1. Among all the countries Oman is aggressively spending lot of % GDP on its miltary expenditures.

2. Similarly we can observe that its neighbouring country Saudi Arabia is also aggresivly spending , which followed by Algeria

### 2. Which Countries are doing bad in distribution losses when compared to its power generated ?

In [None]:
Power_DF = Final_DF[['Country Name','Country Code','continent','Fossil_Fuel_Power','Distribution_Losses']]
Power_DF = Power_DF.dropna()

In [None]:
fig = px.treemap(Power_DF, path=[px.Constant("world"), 'continent', 'Country Name'], values='Fossil_Fuel_Power',
                  color='Distribution_Losses', hover_data=['Country Code'],
                  color_continuous_scale='RdBu',
                  color_continuous_midpoint=np.average(Power_DF['Distribution_Losses'], weights=Power_DF['Fossil_Fuel_Power']))
fig.update_layout(margin = dict(t=50, l=25, r=25, b=25))
fig.update_layout(title_text='Global Energy Mix: Proportions of Fossil Fuel Energy Generation and Distribution Losses')
fig.show()

Fossil fuel energy generation and distribution losses refer to the energy wastage that occurs during the production and transmission of electricity from fossil fuels. When fossil fuels like coal, oil, or natural gas are burned to generate power, a significant amount of energy is lost as heat due to various inefficiencies in the process. Additionally, during the transmission and distribution of electricity through power grids, energy is lost due to resistance in the wires and other equipment.

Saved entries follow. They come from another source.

(* Let $f:D^n\to\mathbb R$. The Lovász extension $f^L:[-\alpha,1]^n\to\mathbb R$ of $f$ is convex if and only if $f$ is $\alpha$-bisubmodular.
   Context: Fix $\alpha\in(0,1]$ and $D=\{-\alpha,0,1\}\subset\mathbb R$. Define the partial order $\preceq$ on $D$ by $0\preceq 1$, $0\preceq -\alpha$ (plus reflexivity), with $1$ and $-\alpha$ incomparable; extend it componentwise to $D^n$. Define $\wedge_0$ on $D$ by $1\wedge_0(-\alpha)=(-\alpha)\wedge_0 1=0$ and $x\wedge_0 y=\min(x,y)$ w.r.t. $\preceq$ if $\{x,y\}\ne\{-\alpha,1\}$; for $a\in D$ define $\vee_a$ by $1\vee_a(-\alpha)=(-\alpha)\vee_a 1=a$ and $x\vee_a y=\max(x,y)$ w.r.t. $\preceq$ if $\{x,y\}\ne\{-\alpha,1\}$; extend componentwise to $D^n$. $f:D^n\to\mathbb R$ is $\alpha$-bisubmodular if for all $\mathbf a,\mathbf b\in D^n$: $f(\mathbf a\wedge_0\mathbf b)+\alpha f(\mathbf a\vee_0\mathbf b)+(1-\alpha)f(\mathbf a\vee_1\mathbf b)\le f(\mathbf a)+f(\mathbf b)$. For $\mathbf x\in[-\alpha,1]^n$, $\mathcal P(\mathbf x)$ is the set of $\lambda:D^n\to[0,1]$ with $\sum_{\mathbf a}\lambda(\mathbf a)=1$ and $\sum_{\mathbf a}\lambda(\mathbf a)\mathbf a=\mathbf x$. For each $\mathbf x$ there is a unique $\lambda_{\mathbf x}\in\mathcal P(\mathbf x)$ whose support is a chain w.r.t. $\preceq$; the Lovász extension is $f^L(\mathbf x)=\sum_{\mathbf a\in D^n}\lambda_{\mathbf x}(\mathbf a)f(\mathbf a)$. *)

From HB Require Import structures.
From mathcomp Require Import all_boot all_order all_algebra.
From Stdlib Require Import ClassicalEpsilon.
Set Implicit Arguments. Unset Strict Implicit. Unset Printing Implicit Defensive.
Import Order.TTheory GRing.Theory Num.Theory.
Local Open Scope ring_scope.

These losses not only lead to a decrease in overall energy efficiency but also contribute to higher fuel consumption and greenhouse gas emissions. To address this issue, efforts are being made to improve the efficiency of fossil fuel power plants, upgrade transmission infrastructure, and promote the integration of renewable energy sources. By reducing these losses, we can enhance energy sustainability and mitigate environmental impacts associated with fossil fuel energy generation.

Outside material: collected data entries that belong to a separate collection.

(* Let $q$ be a self-join-free Boolean conjunctive query, let $q_0\subseteq q$, and let $\mathbf{db}$ be a database. If $\mathbf{o}$ is a garbage set for $q_0$ in $\mathbf{db}$ and $\mathbf{p}$ is a garbage set for $q_0$ in $\mathbf{db}\setminus\mathbf{o}$, then $\mathbf{o}\cup\mathbf{p}$ is a garbage set for $q_0$ in $\mathbf{db}$.
   Context: Every relation name has a signature $[n,k]$ ($1\le k\le n$; primary-key positions $1,\dots,k$) and a mode in $\{\mathsf{c},\mathsf{i}\}$. Facts are variable-free atoms; facts are key-equal if same relation name and same primary-key values. A database is a finite set of facts with no two distinct key-equal facts of mode $\mathsf{c}$, all of whose relation names occur in $q$. The block of a fact $A$ in $\mathbf{db}$ is the set of facts of $\mathbf{db}$ key-equal to $A$. A repair of a set of facts is a maximal subset without two distinct key-equal facts. A self-join-free Boolean conjunctive query is a finite set of atoms with distinct relation names; for a fact $A$, $\mathrm{atom}(A)$ is the atom of $q$ with the same relation name. A subset $\mathbf{o}\subseteq\mathbf{db}$ is a garbage set for $q_0$ in $\mathbf{db}$ if (1) for every $A\in\mathbf{o}$, $\mathrm{atom}(A)\in q_0$ and the block of $A$ in $\mathbf{db}$ is included in $\mathbf{o}$; and (2) there is a repair $\mathbf{r}$ of $\mathbf{o}$ such that for every valuation $\theta$ of the variables of $q$, if $\theta(q)\subseteq(\mathbf{db}\setminus\mathbf{o})\cup\mathbf{r}$ then $\theta(q_0)\cap\mathbf{r}=\emptyset$. *)

From Stdlib Require Import List Arith.
Import ListNotations.
Set Implicit Arguments.

Inductive mode := mode_c | mode_i.

Section CQA.
Variables (Rel Const Var : Type).
(* signature [ar R, kl R]: primary-key positions 1..kl R *)
Variables (ar kl : Rel -> nat) (md : Rel -> mode).

Record dbfact := Fact { frel : Rel; fargs : list Const }.
Record atom := Atom { arel : Rel; aargs : list (Var + Const) }.

Definition key_equal (A B : dbfact) : Prop :=
  frel A = frel B /\ firstn (kl (frel A)) (fargs A) = firstn (kl (frel B)) (fargs B).

Definition finite_set (S : dbfact -> Prop) : Prop :=
  exists l : list dbfact, forall A, S A -> In A l.

Definition sjf_query (q : list atom) : Prop :=
  NoDup (map arel q) /\ forall a, In a q -> length (aargs a) = ar (arel a).

Definition is_database (q : list atom) (db : dbfact -> Prop) : Prop :=
  finite_set db /\
  (forall A, db A -> length (fargs A) = ar (frel A)) /\
  (forall A B, db A -> db B -> md (frel A) = mode_c -> key_equal A B -> A = B) /\
  (forall A, db A -> exists a, In a q /\ arel a = frel A).

Definition block (db : dbfact -> Prop) (A : dbfact) : dbfact -> Prop :=
  fun B => db B /\ key_equal B A.

Definition consistent (S : dbfact -> Prop) : Prop :=
  forall A B, S A -> S B -> key_equal A B -> A = B.

Definition is_repair (S r : dbfact -> Prop) : Prop :=
  (forall A, r A -> S A) /\ consistent r /\
  (forall r' : dbfact -> Prop, (forall A, r A -> r' A) -> (forall A, r' A -> S A) ->
     consistent r' -> forall A, r' A -> r A).

Definition inst (theta : Var -> Const) (a : atom) : dbfact :=
  Fact (arel a) (map (fun t => match t with inl x => theta x | inr c => c end) (aargs a)).

(* atom(A) \in q0, where atom(A) is the atom of q with the relation name of A *)
Definition atom_in (q q0 : list atom) (A : dbfact) : Prop :=
  exists a, In a q /\ arel a = frel A /\ In a q0.

Definition garbage_set (q q0 : list atom) (db o : dbfact -> Prop) : Prop :=
  (forall A, o A -> db A) /\
  (forall A, o A -> atom_in q q0 A /\ (forall B, block db A B -> o B)) /\
  exists r, is_repair o r /\
    forall theta : Var -> Const,
      (forall a, In a q -> (db (inst theta a) /\ ~ o (inst theta a)) \/ r (inst theta a)) ->
      forall a, In a q0 -> ~ r (inst theta a).

End CQA.

(* The garbage sets o and p are key-separated: a fact of p lies in db \ o, so
   were it key-equal to a fact of o it would belong to o's block, hence to o.
   Therefore the union of repairs r_o and r_p of o and p is a repair of o ∪ p.
   Now let θ(q) ⊆ (db \ (o ∪ p)) ∪ r_o ∪ r_p.  As r_p ⊆ db \ o, this gives
   θ(q) ⊆ (db \ o) ∪ r_o, so θ(q0) misses r_o; since r_o consists of facts
   whose atom lies in q0 and q is self-join-free, θ(q) misses r_o altogether.
   Hence θ(q) ⊆ ((db \ o) \ p) ∪ r_p, and θ(q0) misses r_p as well. *)
From Stdlib Require Import List Arith.

Set Implicit Arguments.
Unset Strict Implicit.

Lemma NoDup_map_inj_in (A B : Type) (f : A -> B) (l : list A) :
  NoDup (map f l) -> forall x y, In x l -> In y l -> f x = f y -> x = y.
Proof.
  induction l as [|z l IH]; simpl; intros Hnd x y Hx Hy Hxy; [contradiction|].
  inversion Hnd as [|? ? Hz Hnd']; subst.
  destruct Hx as [<-|Hx], Hy as [<-|Hy]; auto.
  - exfalso; apply Hz; rewrite Hxy; apply in_map; assumption.
  - exfalso; apply Hz; rewrite <- Hxy; apply in_map; assumption.
Qed.

Section GarbageUnion.
Variables (Rel Const Var : Type) (kl : Rel -> nat).
Notation fact := (dbfact Rel Const).
Implicit Types (db o p r S : fact -> Prop) (q : list (atom Rel Const Var))
  (theta : Var -> Const).

Lemma key_equal_sym (A B : fact) : key_equal kl A B -> key_equal kl B A.
Proof. intros [Hrel Hkey]; split; symmetry; assumption. Qed.

Definition key_separated (S1 S2 : fact -> Prop) : Prop :=
  forall A B, S1 A -> S2 B -> ~ key_equal kl A B.

Definition block_closed db o : Prop :=
  forall A, o A -> forall B, block kl db A B -> o B.

Definition garbage_repair q (q0 : list (atom Rel Const Var)) db o r : Prop :=
  forall theta : Var -> Const,
    (forall a, In a q -> (db (inst theta a) /\ ~ o (inst theta a)) \/ r (inst theta a)) ->
    forall a, In a q0 -> ~ r (inst theta a).

Lemma key_separated_sym (S1 S2 : fact -> Prop) :
  key_separated S1 S2 -> key_separated S2 S1.
Proof. intros Hsep A B HA HB Hkey; apply (Hsep B A HB HA), key_equal_sym, Hkey. Qed.

Lemma key_separated_of_block_closed db o p :
  block_closed db o -> (forall A, p A -> db A /\ ~ o A) -> key_separated p o.
Proof.
  intros Hclosed Hp A B HpA HoB Hkey.
  destruct (Hp A HpA) as [HdbA HoA].
  apply HoA, (Hclosed B HoB); split; assumption.
Qed.

Lemma block_closed_union db o p :
  block_closed db o -> block_closed (fun A => db A /\ ~ o A) p ->
  (forall A, p A -> db A /\ ~ o A) ->
  block_closed db (fun A => o A \/ p A).
Proof.
  intros Ho Hp Hpdb A [HoA|HpA] B [HdbB Hkey].
  - left; apply (Ho A HoA); split; assumption.
  - right; apply (Hp A HpA); split; [split; [assumption|] | assumption].
    intro HoB; apply (key_separated_of_block_closed Ho Hpdb HpA HoB).
    apply key_equal_sym; assumption.
Qed.

Lemma is_repair_max_in S r r' :
  is_repair kl S r -> (forall A, r A -> r' A) -> consistent kl r' ->
  forall A, r' A -> S A -> r A.
Proof.
  intros [Hr [_ Hmax]] Hsub Hcons A HA HSA.
  apply (Hmax (fun B => r' B /\ S B)).
  - intros B HB; split; [apply Hsub | apply Hr]; exact HB.
  - intros B HB; apply HB.
  - intros B C HB HC; apply Hcons; [apply HB|apply HC].
  - split; assumption.
Qed.

Lemma is_repair_union (S1 S2 r1 r2 : fact -> Prop) :
  key_separated S1 S2 -> is_repair kl S1 r1 -> is_repair kl S2 r2 ->
  is_repair kl (fun A => S1 A \/ S2 A) (fun A => r1 A \/ r2 A).
Proof.
  intros Hsep Hr1 Hr2.
  pose proof Hr1 as [Hsub1 [Hcons1 _]]; pose proof Hr2 as [Hsub2 [Hcons2 _]].
  split; [|split].
  - intros A [H|H]; [left|right]; auto.
  - intros A B [HA|HA] [HB|HB] Hkey; auto; exfalso.
    + exact (Hsep A B (Hsub1 A HA) (Hsub2 B HB) Hkey).
    + exact (key_separated_sym Hsep (Hsub2 A HA) (Hsub1 B HB) Hkey).
  - intros r' Hsub' HS' Hcons' A HA.
    destruct (HS' A HA) as [H1|H2].
    + left; exact (is_repair_max_in Hr1 (fun B HB => Hsub' B (or_introl HB)) Hcons' HA H1).
    + right; exact (is_repair_max_in Hr2 (fun B HB => Hsub' B (or_intror HB)) Hcons' HA H2).
Qed.

Lemma atom_in_inst q (q0 : list (atom Rel Const Var)) theta a :
  NoDup (map (@arel Rel Const Var) q) -> In a q ->
  atom_in q q0 (inst theta a) -> In a q0.
Proof.
  intros Hnd Ha [a' [Ha' [Hrel Ha'0]]].
  now rewrite <- (NoDup_map_inj_in Hnd Ha' Ha Hrel).
Qed.

Lemma garbage_repair_avoids_query q (q0 : list (atom Rel Const Var)) db o r theta :
  NoDup (map (@arel Rel Const Var) q) ->
  (forall A, r A -> atom_in q q0 A) ->
  garbage_repair q q0 db o r ->
  (forall a, In a q -> (db (inst theta a) /\ ~ o (inst theta a)) \/ r (inst theta a)) ->
  forall a, In a q -> ~ r (inst theta a).
Proof.
  intros Hnd Hr0 Hgarb Hth a Ha HrA.
  apply (Hgarb theta Hth a (atom_in_inst Hnd Ha (Hr0 _ HrA)) HrA).
Qed.

Lemma garbage_repair_union q (q0 : list (atom Rel Const Var)) db o p (ro rp : fact -> Prop) :
  NoDup (map (@arel Rel Const Var) q) ->
  (forall A, ro A -> atom_in q q0 A) ->
  (forall A, rp A -> db A /\ ~ o A) ->
  garbage_repair q q0 db o ro ->
  garbage_repair q q0 (fun A => db A /\ ~ o A) p rp ->
  garbage_repair q q0 db (fun A => o A \/ p A) (fun A => ro A \/ rp A).
Proof.
  intros Hnd Hro0 Hrp Ho Hp theta Hth.
  assert (Hth_o : forall a, In a q ->
      (db (inst theta a) /\ ~ o (inst theta a)) \/ ro (inst theta a)).
  { intros a Ha; destruct (Hth a Ha) as [Hfree|[H|H]];
      [left; tauto | right; exact H | left; exact (Hrp _ H)]. }
  pose proof (garbage_repair_avoids_query Hnd Hro0 Ho Hth_o) as Hro.
  assert (Hrp_free : forall a, In a q0 -> ~ rp (inst theta a)).
  { apply Hp; intros a Ha.
    destruct (Hth a Ha) as [Hfree|[H|H]];
      [left; tauto | now destruct (Hro a Ha) | right; exact H]. }
  intros a Ha0 [H|H]; [apply (Ho theta Hth_o a Ha0)|apply (Hrp_free a Ha0)]; exact H.
Qed.

End GarbageUnion.

Theorem lemma32 (Rel Const Var : Type) (ar kl : Rel -> nat) (md : Rel -> mode)
  (q q0 : list (atom Rel Const Var)) (db o p : dbfact Rel Const -> Prop) :
  (forall R, 1 <= kl R <= ar R) ->
  sjf_query ar q ->
  incl q0 q ->
  is_database ar kl md q db ->
  garbage_set kl q q0 db o ->
  garbage_set kl q q0 (fun A => db A /\ ~ o A) p ->
  garbage_set kl q q0 db (fun A => o A \/ p A).
Proof.
  intros _ [Hnd _] _ _ [Hodb [Ho [ro [Hro Hgo]]]] [Hpdb [Hp [rp [Hrp Hgp]]]].
  assert (Ho_closed : block_closed kl db o) by (intros A HA; apply Ho, HA).
  assert (Hp_closed : block_closed kl (fun A => db A /\ ~ o A) p)
    by (intros A HA; apply Hp, HA).
  split; [|split].
  - intros A [HA|HA]; [apply Hodb | apply Hpdb]; assumption.
  - intros A HA; split.
    + destruct HA as [HA|HA]; [apply Ho|apply Hp]; assumption.
    + apply (block_closed_union Ho_closed Hp_closed Hpdb HA).
  - exists (fun A => ro A \/ rp A); split.
    + apply is_repair_union; [|exact Hro|exact Hrp].
      exact (key_separated_sym (key_separated_of_block_closed Ho_closed Hpdb)).
    + apply garbage_repair_union; [exact Hnd| | |exact Hgo|exact Hgp].
      * intros A HA; apply Ho, (proj1 Hro), HA.
      * intros A HA; apply Hpdb, (proj1 Hrp), HA.
Qed.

From the icicle chart we can summarize Togo and Libya are doing very bad with distribution losses.They are having about 70% of distribution which mean more than half of their power generated is wasted in distribution it self.
However countries of same continent such as south sudan and Mautitus are doing well bringing their losses very closly to 5%.

### 3. What are top 10 largest populated cities all around world ?

In [None]:
Top_10_Populated_Cities=Final_DF.sort_values('Urban_City_Pop',ascending=False).head(10)

In [None]:
fig = px.bar(Top_10_Populated_Cities, x='Country Name', y='Urban_City_Pop')
fig.update_xaxes(title_text='Country')
fig.update_yaxes(title_text='Max Pop in city')
fig.update_layout(title_text='Top 10 Countries with the Largest City Populations 2021')
fig.show()

We see from chart that Japan has Max population in city wise then India goes in 2nd while China on 3rd and Brazil following next.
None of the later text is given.